How ‘The Corona Connections’ Shorts Were Shot Amid Quarantine Restrictions
Shoreditch Pictures’ produced the web series that sees American and British actors play characters in lockdown, while shooting, lighting and art directing their stay-at-home performances.
Not waiting for the Hollywood shutdown to lift, British producer Shoreditch Pictures has released on YouTube the transcontinental web series The Corona Connections, which sees sheltering American and British actors play characters in lockdown during the coronavirus era.
The six-film series, each around seven minutes long, includes two episodes that star the Los Angeles-based British and American viral comedy duo, We Are Thomasse, also known as the married couple Nick Afka Thomas and Sarah Ann Masse. Ben Wicks directed the short The Formal Friday, which stars Thomas and Masse, using video conferencing software, laptops and cellphones as cast and creative work remotely without the usual tools of the big studio set.
The episode, also starring George Caporn and Kiki Darlowe, features Jack and his fiance Annie, both front-line doctors, using Skype to hold a virtual dinner party with their “Hollywood” friends 6,000 miles away. The short’s cast while portraying the lives of characters in lockdown had to each shoot, light and art direct their performances from home.
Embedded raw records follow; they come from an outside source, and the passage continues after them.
(* Let $n\ge1$ and let $\pi$ be uniformly distributed on $\mathcal S_n$. Then there exists a random permutation $\sigma\in\mathcal S_n$, which is a (bijective) deterministic function of $\pi$ and hence uniformly distributed on $\mathcal S_n$, such that with the one-cycle permutation $\sigma^*:=(\pi(1),\pi(2),\dots,\pi(n))_{\rm c}\in\mathcal S_n^*$, \[ \mathbb{E}\,\#\{i\in\{1,\dots,n\}:\sigma(i)\ne\sigma^*(i)\}\le\sum_{j=1}^n j^{-1}\le1+\log(n). \]
   Context: $\mathcal S_n$ denotes the set of permutations of $\{1,\dots,n\}$. For pairwise distinct $a_1,\dots,a_m\in\{1,\dots,n\}$, $(a_1,\dots,a_m)_{\rm c}$ denotes the cycle mapping $a_1\mapsto a_2\mapsto\cdots\mapsto a_m\mapsto a_1$ and fixing all other points. $\mathcal S_n^*$ is the set of permutations consisting of a single cycle of length $n$. *)

From mathcomp Require Import all_boot all_order all_algebra all_fingroup.
From mathcomp Require Import all_classical all_reals all_analysis.
Set Implicit Arguments. Unset Strict Implicit. Unset Printing Implicit Defensive.

(* Points 1..n are represented by 'I_n = {0,...,n-1} (point k+1 <-> k).
   one_cycle p is the cycle (p(1), p(2), ..., p(n))_c, i.e. the permutation
   mapping p k to p (k+1 mod n), written x |-> p (ordS ((p^-1)%g x)). *)
Lemma one_cycle_inj n (p : {perm 'I_n}) :
  injective (fun x : 'I_n => p (ordS ((p^-1)%g x))).
Proof.
move=> x y /perm_inj /ordS_inj /perm_inj //.
Qed.

Definition one_cycle n (p : {perm 'I_n}) : {perm 'I_n} :=
  perm (@one_cycle_inj n p).

From mathcomp Require Import all_boot all_order all_algebra all_fingroup.
From mathcomp Require Import all_classical all_reals all_analysis.
From mathcomp Require Import zify ring.
Set Implicit Arguments. Unset Strict Implicit. Unset Printing Implicit Defensive.
Import Order.TTheory GRing.Theory Num.Theory.

(* Positions are 0-based and [record p k] says that p k is the largest of
   p 0, ..., p k.  The coupling sends p k to p (k+1) (cyclically), exactly as
   the one-cycle does, unless k+1 is a record of p, in which case it sends p k
   to p j, where j is the position of the maximum of p on 0..k.  Since the
   cyclic successor of n-1 is 0, which is always a record, the two
   permutations differ only at points preceding records.  Swapping j and k
   shows that each j <= k is equally likely to carry the maximum on 0..k, so k
   is a record for n!/(k+1) permutations, and the expected number of records
   is the harmonic number.  The coupling is injective by downward induction:
   if p is known above k, then so are the maximum value of p on 0..k and
   whether k+1 is a record, hence the image of p k under the coupling, which
   determines p k. *)

Lemma eq_from_top n (T : Type) (f g : 'I_n -> T) :
  (forall k : 'I_n, (forall j : 'I_n, k < j -> f j = g j) -> f k = g k) -> f =1 g.
Proof.
move=> step k; have [m] := ubnP (n - k); elim: m k => // m IH k lt_nk.
by apply: step => j lt_kj; apply: IH; have := ltn_ord j; lia.
Qed.

Lemma sum_card_exchange (I J : finType) (r : I -> J -> bool) :
  \sum_i #|[set j | r i j]| = \sum_j #|[set i | r i j]|.
Proof.
under eq_bigr do rewrite -sum1dep_card.
by rewrite (exchange_big_dep xpredT) //; under eq_bigr do rewrite sum1dep_card.
Qed.

Lemma card_ord_le n (k : 'I_n) : #|[set j : 'I_n | j <= k]| = k.+1.
Proof.
rewrite -sum1dep_card (big_ord_narrow_cond (P := xpredT) (ltn_ord k)).
by rewrite sum1_card card_ord.
Qed.

Section PrefixMaxima.
Variable n : nat.
Implicit Types (p q : {perm 'I_n}) (i j k m : 'I_n).

Definition prefix_argmax p k : 'I_n := [arg max_(j > k | j <= k) p j].

Definition record p k := prefix_argmax p k == k.

Lemma prefix_argmax_le p k : prefix_argmax p k <= k.
Proof. by rewrite /prefix_argmax; case: arg_maxnP. Qed.

Lemma le_prefix_argmax p k i : i <= k -> p i <= p (prefix_argmax p k).
Proof. by rewrite /prefix_argmax; case: arg_maxnP => // j _ max_j /max_j. Qed.

Lemma prefix_argmax_eq p k j :
  j <= k -> (forall i, i <= k -> p i <= p j) -> prefix_argmax p k = j.
Proof.
move=> le_jk max_j; apply/(@perm_inj _ p)/val_inj/eqP.
by rewrite /= eqn_leq max_j ?prefix_argmax_le // le_prefix_argmax.
Qed.

Lemma record_prefix_argmax p k : record p (prefix_argmax p k).
Proof.
apply/eqP/prefix_argmax_eq => // i le_i_am.
exact/le_prefix_argmax/(leq_trans le_i_am)/prefix_argmax_le.
Qed.

Lemma record_ord0 p k : k = 0 :> nat -> record p k.
Proof.
move=> k0; have := prefix_argmax_le p k; rewrite k0 leqn0 => /eqP am0.
by apply/eqP/val_inj; rewrite /= am0 k0.
Qed.

Lemma recordE p m : record p m = (p (prefix_argmax p m) <= p m).
Proof.
apply/eqP/idP => [-> // | le_am_m].
by apply: prefix_argmax_eq => // i /(le_prefix_argmax p) /leq_trans; apply.
Qed.

Lemma prefix_argmax_tperm p j k : j <= k ->
  prefix_argmax (tperm j k * p)%g k = tperm j k (prefix_argmax p k).
Proof.
move=> le_jk; have le_tperm i : i <= k -> tperm j k i <= k.
  by case: tpermP => // ->.
apply: prefix_argmax_eq => [|i le_ik]; first exact/le_tperm/prefix_argmax_le.
by rewrite !permM tpermK; apply/le_prefix_argmax/le_tperm.
Qed.

Lemma card_prefix_argmax k j : j <= k ->
  #|[set p | prefix_argmax p k == j]| = #|[set p | record p k]|.
Proof.
move=> le_jk; rewrite -(card_imset _ (mulgI (tperm j k))).
apply: eq_card => q; rewrite inE.
apply/imsetP/idP => [[p] | rec_q].
  by rewrite inE => /eqP am_p ->; rewrite /record prefix_argmax_tperm // am_p tpermL.
exists (tperm j k * q)%g; last by rewrite mulgA tperm2 mul1g.
by rewrite inE prefix_argmax_tperm // (eqP rec_q) tpermR.
Qed.

Lemma card_record_mul k : k.+1 * #|[set p | record p k]| = n`!.
Proof.
have -> : n`! = \sum_(p : {perm 'I_n}) 1 by rewrite sum1_card card_Sn.
rewrite (partition_big (fun p => prefix_argmax p k) (fun j => j <= k)) /=; last first.
  by move=> p _; exact: prefix_argmax_le.
rewrite (eq_bigr (fun=> #|[set p | record p k]|)) => [|j le_jk]; last first.
  by rewrite sum1dep_card card_prefix_argmax.
by rewrite sum_nat_cond_const card_ord_le.
Qed.

Lemma val_ordS k : ordS k = (if k.+1 < n then k.+1 else 0) :> nat.
Proof.
rewrite /=; case: ltnP => [/modn_small // | le_nSk].
have -> : k.+1 = n by apply/eqP; rewrite eqn_leq ltn_ord.
exact: modnn.
Qed.

Definition succ_pos p k := if record p (ordS k) then prefix_argmax p k else ordS k.

Lemma succ_pos_inj p : injective (succ_pos p).
Proof.
have neq_am k1 k2 : k1 < k2 -> record p (ordS k1) ->
    prefix_argmax p k1 != prefix_argmax p k2.
  move=> lt_k12; have := val_ordS k1; rewrite ifT; last by have := ltn_ord k2; lia.
  move=> Sk1E /eqP amSk1; apply/eqP => eq_am.
  have le_am_Sk1 : p (prefix_argmax p k1) <= p (ordS k1).
    by rewrite -amSk1; apply: le_prefix_argmax; rewrite Sk1E; exact/leqW/prefix_argmax_le.
  have le_Sk1_am : p (ordS k1) <= p (prefix_argmax p k1).
    by rewrite eq_am; apply: le_prefix_argmax; rewrite Sk1E.
  have /(@perm_inj _ p) am_Sk1 : p (prefix_argmax p k1) = p (ordS k1).
    by apply/val_inj/eqP; rewrite /= eqn_leq le_am_Sk1.
  by have := prefix_argmax_le p k1; rewrite am_Sk1 Sk1E ltnn.
move=> k1 k2; rewrite /succ_pos.
case rec1: (record p (ordS k1)); case rec2: (record p (ordS k2)).
- case: (ltngtP k1 k2) => [lt_k12|lt_k21|/val_inj //] eq_am.
    by have := neq_am _ _ lt_k12 rec1; rewrite eq_am eqxx.
  by have := neq_am _ _ lt_k21 rec2; rewrite eq_am eqxx.
- by move=> eq_am; move: rec2; rewrite -eq_am record_prefix_argmax.
- by move=> eq_am; move: rec1; rewrite eq_am record_prefix_argmax.
- exact: ordS_inj.
Qed.

Definition coupling p : {perm 'I_n} := (p^-1 * perm (@succ_pos_inj p) * p)%g.

Lemma couplingE p k : coupling p (p k) = p (succ_pos p k).
Proof. by rewrite !permM permK permE. Qed.

Lemma one_cycleE p k : one_cycle p (p k) = p (ordS k).
Proof. by rewrite permE permK. Qed.

Lemma card_coupling_neq_one_cycle p :
  #|[set i | coupling p i != one_cycle p i]| <= #|[set k | record p k]|.
Proof.
apply: leq_trans (leq_imset_card (fun k => p (ord_pred k)) _).
apply/subset_leq_card/fintype.subsetP => i; rewrite inE -[i](permKV p).
rewrite couplingE one_cycleE /succ_pos; case: ifP => [rec _ | _]; last by rewrite eqxx.
by apply/imsetP; exists (ordS ((p^-1)%g i)); rewrite ?inE ?ordSK.
Qed.

Lemma le_prefix_argmax_agree p q k m : (forall j, k < j -> p j = q j) -> k <= m ->
  p (prefix_argmax p m) <= q (prefix_argmax q m).
Proof.
move=> agree le_km; set i := (q^-1)%g (p (prefix_argmax p m)).
rewrite -[p _](permKV q) -/i; apply: le_prefix_argmax; rewrite leqNgt.
apply/negP => lt_mi; have : p i = q i by apply: agree; lia.
rewrite permKV => /perm_inj eq_i.
by move: lt_mi; rewrite eq_i ltnNge prefix_argmax_le.
Qed.

Lemma prefix_argmax_agree p q k m : (forall j, k < j -> p j = q j) -> k <= m ->
  p (prefix_argmax p m) = q (prefix_argmax q m).
Proof.
move=> agree le_km; apply/val_inj/eqP; rewrite /= eqn_leq.
by rewrite !(le_prefix_argmax_agree _ le_km) // => j /agree.
Qed.

Lemma succ_pos_agree p q k : (forall j, k < j -> p j = q j) ->
  p (succ_pos p k) = q (succ_pos q k).
Proof.
move=> agree; have am_k := prefix_argmax_agree agree (leqnn k).
rewrite /succ_pos; have := val_ordS k; case: ltnP => [lt_Sk_n | _] SkE; last first.
  by rewrite !record_ord0.
have lt_k_Sk : k < ordS k by rewrite SkE.
rewrite !recordE (agree _ lt_k_Sk) (prefix_argmax_agree agree (ltnW lt_k_Sk)).
by case: ifP => _; [exact: am_k | exact: agree].
Qed.

Lemma coupling_agree p q k : (forall j, k < j -> p j = q j) ->
  coupling p = coupling q -> p k = q k.
Proof.
move=> agree eq_c; apply: (@perm_inj _ (coupling p)).
by rewrite {2}eq_c !couplingE; exact: succ_pos_agree.
Qed.

Lemma coupling_inj : injective coupling.
Proof.
move=> p q eq_c; apply/permP/eq_from_top => k agree.
exact: coupling_agree.
Qed.

End PrefixMaxima.

Local Open Scope ring_scope.

Lemma sum_card_record (R : numFieldType) n :
  \sum_(p : {perm 'I_n}) (#|[set k | record p k]|)%:R
  = (\sum_(k < n) (k.+1%:R)^-1) * n`!%:R :> R.
Proof.
rewrite -natr_sum sum_card_exchange natr_sum mulr_suml; apply: eq_bigr => k _.
by rewrite -(card_record_mul k) natrM mulKf ?pnatr_eq0.
Qed.

Lemma inv_le_ln_succ (R : realType) m : (0 < m)%N ->
  (m.+1%:R : R)^-1 <= ln m.+1%:R - ln m%:R.
Proof.
move=> m_gt0; have Sm_gt0 : (0 : R) < m.+1%:R by rewrite ltr0n.
have m_pos : (0 : R) < m%:R by rewrite ltr0n.
have := @le_ln1Dx R (- m.+1%:R^-1).
have -> : 1 - (m.+1%:R : R)^-1 = m%:R / m.+1%:R.
  by rewrite -[m.+1]addn1 natrD; field; rewrite natr1 pnatr_eq0.
rewrite ln_div ?posrE // ltrNl opprK invf_lt1 ?ltr1n //.
by move=> /(_ m_gt0) le_ln; rewrite -lerN2 opprB.
Qed.

Lemma harmonic_le_ln (R : realType) n : (1 <= n)%N ->
  \sum_(1 <= j < n.+1) (j%:R : R)^-1 <= 1 + ln n%:R.
Proof.
elim: n => [// | [_ _ | m IH _]]; first by rewrite big_nat1 ln1 invr1 addr0.
rewrite big_nat_recr //=.
apply: le_trans (lerD (IH isT) (inv_le_ln_succ R (ltn0Sn m))) _.
by rewrite addrCA addrK addrC.
Qed.

Theorem mainTheorem6 (R : realType) (n : nat) (hn : (1 <= n)%N) :
  exists f : {perm 'I_n} -> {perm 'I_n},
    bijective f /\
    (\sum_(p : {perm 'I_n}) (#|[set i | f p i != one_cycle p i]|)%:R)
        / (#|{perm 'I_n}|)%:R
      <= \sum_(1 <= j < n.+1) (j%:R : R)^-1 /\
    \sum_(1 <= j < n.+1) (j%:R : R)^-1 <= 1 + ln (n%:R : R).
Proof.
exists (@coupling n); split; first exact/injF_bij/coupling_inj.
split; last exact: harmonic_le_ln.
rewrite card_Sn ler_pdivrMr ?ltr0n ?fact_gt0 // big_add1 big_mkord -sum_card_record.
by apply: ler_sum => p _; rewrite ler_nat card_coupling_neq_one_cycle.
Qed.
Masse told THR that since she and her husband produce their own comedy shorts, they had much of what they needed at home to virtually collaborate with director Wicks. “We own a bunch of gear and are lucky to have excellent natural light in our apartment so that part wasn’t too complicated and we sent pictures of wardrobe options via email ahead of time,” she recalled.
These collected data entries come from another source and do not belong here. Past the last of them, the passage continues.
Section CosetSpace.
Local Open Scope quotient_scope.
Variable H : set G.
Hypothesis sH : is_subgroup H.
Let H1 : H one. Proof. by case: sH. Qed.
Let HV h : H h -> H (inv h). Proof. by case: sH => _ + _; apply. Qed.
Let HM a b : H a -> H b -> H (mul a b). Proof. by case: sH => _ _; apply. Qed.
Local Notation pi := (coset_proj mul H).

Lemma coset_projP a b : pi a = pi b <-> H (mul (inv a) b).
Proof.
have -> : (pi a = pi b) = (a = b %[mod {eq_quot coset_equiv mul H}]) by [].
split => [/eqquotP/asboolP e|Hab].
  have : lcoset mul b H b by exists one; [exact: H1|exact: grp_mulg1].
  by rewrite -e => -[h Hh <-]; rewrite grp_mulKg.
apply/eqquotP/asboolP; apply/seteqP; split => _ [h Hh <-].
  exists (mul (inv (mul (inv a) b)) h); first exact/HM/Hh/HV.
  by rewrite grp_invMg grp_invgK grp_mulA grp_mulKVg.
by exists (mul (mul (inv a) b) h); [exact: HM|rewrite grp_mulA grp_mulKVg].
Qed.

Lemma coset_projMr c a : H a -> pi (mul c a) = pi c.
Proof.
move=> Ha; apply/coset_projP.
by rewrite grp_invMg -grp_mulA grp_mulVg grp_mulg1; exact: HV.
Qed.

Lemma coset_proj_repr a g : pi (mul a (repr (pi g))) = pi (mul a g).
Proof.
apply/coset_projP; rewrite grp_invMg -grp_mulA grp_mulKg.
by apply/coset_projP; rewrite /coset_proj reprK.
Qed.

Lemma coset_proj_open (V : set G) : open V -> open (pi @` V).
Proof.
move=> oV; suff : open (pi @^-1` (pi @` V)) by [].
have -> : pi @^-1` (pi @` V) = \bigcup_(a in H) ((mul^~ (inv a)) @^-1` V).
  apply/seteqP; split => g.
    case=> v Vv /coset_projP Hvg; exists (mul (inv v) g) => //=.
    by rewrite grp_invMg grp_invgK grp_mulKVg.
  case=> a Ha /= Va; exists (mul g (inv a)) => //.
  by rewrite coset_projMr //; exact: HV.
apply: bigcup_open => a _; apply: (open_comp _ oV) => g _.
by apply: grp_mul_continuous => // y; [exact: cvg_id|exact: cvg_cst].
Qed.

Lemma coset_lift_continuous (X Z : topologicalType)
    (F : X * coset_space mul H -> Z) :
  continuous (fun p : X * G => F (p.1, pi p.2)) -> continuous F.
Proof.
move=> cF [x w] N; have -> : w = pi (repr w) by rewrite /coset_proj reprK.
move=> NF.
have [[U V] /= [Ux Vw] UVN] := cF (x, repr w) N NF.
exists (U, pi @` V°).
  split => //; apply: open_nbhs_nbhs; split.
    exact/coset_proj_open/open_interior.
  by exists (repr w) => //; exact: nbhs_singleton (nbhs_interior Vw).
move=> [y _] /= [Uy [v Vv <-]].
exact: (UVN (y, v) (conj Uy (interior_subset Vv))).
Qed.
Both writers, actors and digital filmmakers themselves, Thomas starred in the Oxford Revue with Katherine Parkinson and Fleabag exec producer Jack Williams, while Harvey Weinstein accuser Masse launched her #HireSurvivorsHollywood initiative amid the #MeToo movement.
A quarantine-set challenge for The Corona Connections was blocking scenes and establishing camera angles, but Masse recalls Wicks ably walking his cast through rehearsals and everyone playing with camera movement to avoid a static, dull video conferencing feel.
For Wicks, The Corona Connections completed amid severe physical distancing limitations underlined the physical and psychological hurdles faced by self-isolating filmmakers and consuming TV viewers during the pandemic.
“What was key for me was to find stories that really highlighted the importance of staying connected with loved ones and friends during this unique time in which we find ourselves. Stories that could resonate with the general public showcasing the same drama, and even comedy, that we are all experiencing during the lockdown,” Wicks explained in a statement.
For all the speculation about what filmmaking may look like post-pandemic after shuttered Hollywood film and TV production resumes, The Corona Connections also underlines how filmmakers are already busily making and distributing short work shot under quarantine orders.
“We wanted to use this lockdown as an opportunity for fresh, new writers and cast to shine, as well as the likes of some established talent, such as Sarah and Nick, without going the route of utilizing exclusively established talent like many other companies are currently doing,” Sarah Culverhouse, who produced the web series and directed one of the episodes, Bubbles, explains.
The first two episodes — Magic Moments and Plenty of Fish, directed by Wicks, are already on YouTube. The remaining four episodes — Formal Friday, by writer Alastair Bathgate; The Audition, written by Issy Knowles and Rhys Whitfield; Adele James’ Match Made in Isolation; and Culverhouse’s Bubbles — will be released on the online video platform each Friday until May 29.
For Masse, keeping busy in her home studio shooting two episodes of The Corona Connections, virtually connecting with casting directors, recording audiobooks and working in two remote writers rooms has helped break through the tedium of self-isolation.
“Art has often been a way to channel fear, pain and uncertainty into something productive and The Corona Connections is a wonderful example of something positive and connecting coming out of a time of global pain and trauma,” she explained.
The Corona Connections web series also stars Maggie Nash, Issy Knowles, Rhys Whitfield, Adele James, Amanda Abbington, Eleanor Byrne, Shereener Browne, Max Waldron, Patricia Loveland and Nicholas Lumley.